What is needed: Going through the data below, copy out each line where the word "scalar" shows up.

Given data:
<<<<

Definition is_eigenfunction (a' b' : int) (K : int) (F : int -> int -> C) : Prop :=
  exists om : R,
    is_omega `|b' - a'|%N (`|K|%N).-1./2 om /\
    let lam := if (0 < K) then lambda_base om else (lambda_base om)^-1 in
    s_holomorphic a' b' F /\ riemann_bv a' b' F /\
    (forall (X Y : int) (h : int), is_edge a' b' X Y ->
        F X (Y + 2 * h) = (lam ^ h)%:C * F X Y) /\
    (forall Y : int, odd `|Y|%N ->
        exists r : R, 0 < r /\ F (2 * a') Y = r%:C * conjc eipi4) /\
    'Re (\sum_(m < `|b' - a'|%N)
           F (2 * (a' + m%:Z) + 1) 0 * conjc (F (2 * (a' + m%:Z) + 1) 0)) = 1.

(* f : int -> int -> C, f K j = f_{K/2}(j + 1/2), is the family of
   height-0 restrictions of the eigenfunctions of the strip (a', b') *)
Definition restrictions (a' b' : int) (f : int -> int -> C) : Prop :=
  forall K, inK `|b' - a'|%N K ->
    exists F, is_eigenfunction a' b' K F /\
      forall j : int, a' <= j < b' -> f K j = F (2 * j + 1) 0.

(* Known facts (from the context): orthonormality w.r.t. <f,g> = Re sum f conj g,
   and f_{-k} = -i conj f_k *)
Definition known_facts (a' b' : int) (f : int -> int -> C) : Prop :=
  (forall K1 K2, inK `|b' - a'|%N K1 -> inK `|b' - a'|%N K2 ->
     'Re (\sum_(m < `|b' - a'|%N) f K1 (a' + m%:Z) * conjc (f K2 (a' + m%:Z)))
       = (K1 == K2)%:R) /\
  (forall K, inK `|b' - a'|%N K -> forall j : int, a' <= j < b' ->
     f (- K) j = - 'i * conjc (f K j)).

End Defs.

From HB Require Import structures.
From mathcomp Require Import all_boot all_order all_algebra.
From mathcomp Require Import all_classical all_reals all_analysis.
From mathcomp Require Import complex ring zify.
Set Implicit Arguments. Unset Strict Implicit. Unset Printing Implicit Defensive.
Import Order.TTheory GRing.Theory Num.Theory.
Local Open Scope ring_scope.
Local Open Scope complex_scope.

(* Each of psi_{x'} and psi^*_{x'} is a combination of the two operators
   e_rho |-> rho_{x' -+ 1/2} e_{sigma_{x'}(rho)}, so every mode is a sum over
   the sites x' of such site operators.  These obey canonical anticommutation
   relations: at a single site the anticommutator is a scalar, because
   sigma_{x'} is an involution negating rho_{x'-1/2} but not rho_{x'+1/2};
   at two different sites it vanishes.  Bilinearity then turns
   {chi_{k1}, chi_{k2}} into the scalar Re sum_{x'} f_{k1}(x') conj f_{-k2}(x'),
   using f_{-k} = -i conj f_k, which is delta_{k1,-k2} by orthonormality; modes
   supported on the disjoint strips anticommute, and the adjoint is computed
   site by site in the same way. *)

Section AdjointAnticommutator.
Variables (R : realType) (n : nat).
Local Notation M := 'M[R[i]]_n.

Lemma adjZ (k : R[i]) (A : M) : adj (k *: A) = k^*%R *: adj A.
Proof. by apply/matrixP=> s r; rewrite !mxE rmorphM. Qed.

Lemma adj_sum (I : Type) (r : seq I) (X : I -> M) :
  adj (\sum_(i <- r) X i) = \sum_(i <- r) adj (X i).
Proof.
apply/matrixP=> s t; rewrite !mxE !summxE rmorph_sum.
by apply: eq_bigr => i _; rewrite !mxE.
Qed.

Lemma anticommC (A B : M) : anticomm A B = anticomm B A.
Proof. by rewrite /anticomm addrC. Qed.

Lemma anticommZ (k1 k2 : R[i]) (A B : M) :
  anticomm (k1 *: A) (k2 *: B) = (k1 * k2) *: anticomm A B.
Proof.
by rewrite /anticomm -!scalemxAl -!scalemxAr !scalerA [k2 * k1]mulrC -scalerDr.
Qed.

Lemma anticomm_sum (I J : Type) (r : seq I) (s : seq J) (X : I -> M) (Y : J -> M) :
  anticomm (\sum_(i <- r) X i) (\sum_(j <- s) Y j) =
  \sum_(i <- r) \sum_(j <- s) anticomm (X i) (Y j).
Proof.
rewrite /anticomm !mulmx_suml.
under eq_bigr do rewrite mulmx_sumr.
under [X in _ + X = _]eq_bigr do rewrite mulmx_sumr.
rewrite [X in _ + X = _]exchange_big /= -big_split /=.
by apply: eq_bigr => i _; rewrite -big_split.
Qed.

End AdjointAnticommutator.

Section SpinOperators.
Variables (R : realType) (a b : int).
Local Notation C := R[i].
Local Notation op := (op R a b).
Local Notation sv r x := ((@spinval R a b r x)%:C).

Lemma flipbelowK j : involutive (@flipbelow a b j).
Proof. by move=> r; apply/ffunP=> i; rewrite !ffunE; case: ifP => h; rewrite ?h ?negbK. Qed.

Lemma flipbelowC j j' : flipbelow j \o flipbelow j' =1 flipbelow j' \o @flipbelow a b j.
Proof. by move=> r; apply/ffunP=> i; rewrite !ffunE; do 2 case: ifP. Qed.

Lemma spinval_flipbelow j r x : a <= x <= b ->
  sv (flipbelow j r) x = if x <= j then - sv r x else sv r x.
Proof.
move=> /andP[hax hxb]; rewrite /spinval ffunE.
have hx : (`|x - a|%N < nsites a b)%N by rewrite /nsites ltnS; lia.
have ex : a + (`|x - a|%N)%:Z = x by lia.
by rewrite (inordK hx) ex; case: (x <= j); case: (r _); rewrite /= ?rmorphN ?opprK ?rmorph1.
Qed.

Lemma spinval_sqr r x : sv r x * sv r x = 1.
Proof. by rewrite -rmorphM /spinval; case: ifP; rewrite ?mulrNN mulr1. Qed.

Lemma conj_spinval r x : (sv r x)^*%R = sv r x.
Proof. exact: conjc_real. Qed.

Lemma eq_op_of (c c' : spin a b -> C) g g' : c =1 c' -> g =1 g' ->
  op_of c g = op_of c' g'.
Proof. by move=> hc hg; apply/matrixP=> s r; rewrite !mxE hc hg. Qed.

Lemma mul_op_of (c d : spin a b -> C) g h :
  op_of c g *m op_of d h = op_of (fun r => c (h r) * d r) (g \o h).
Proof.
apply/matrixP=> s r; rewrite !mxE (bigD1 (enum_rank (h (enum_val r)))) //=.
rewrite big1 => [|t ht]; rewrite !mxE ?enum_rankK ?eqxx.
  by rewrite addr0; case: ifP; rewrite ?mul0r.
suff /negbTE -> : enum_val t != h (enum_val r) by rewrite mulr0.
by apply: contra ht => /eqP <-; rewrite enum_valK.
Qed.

>>>>

Reply to the exercise:
   relations: at a single site the anticommutator is a scalar, because
   {chi_{k1}, chi_{k2}} into the scalar Re sum_{x'} f_{k1}(x') conj f_{-k2}(x'),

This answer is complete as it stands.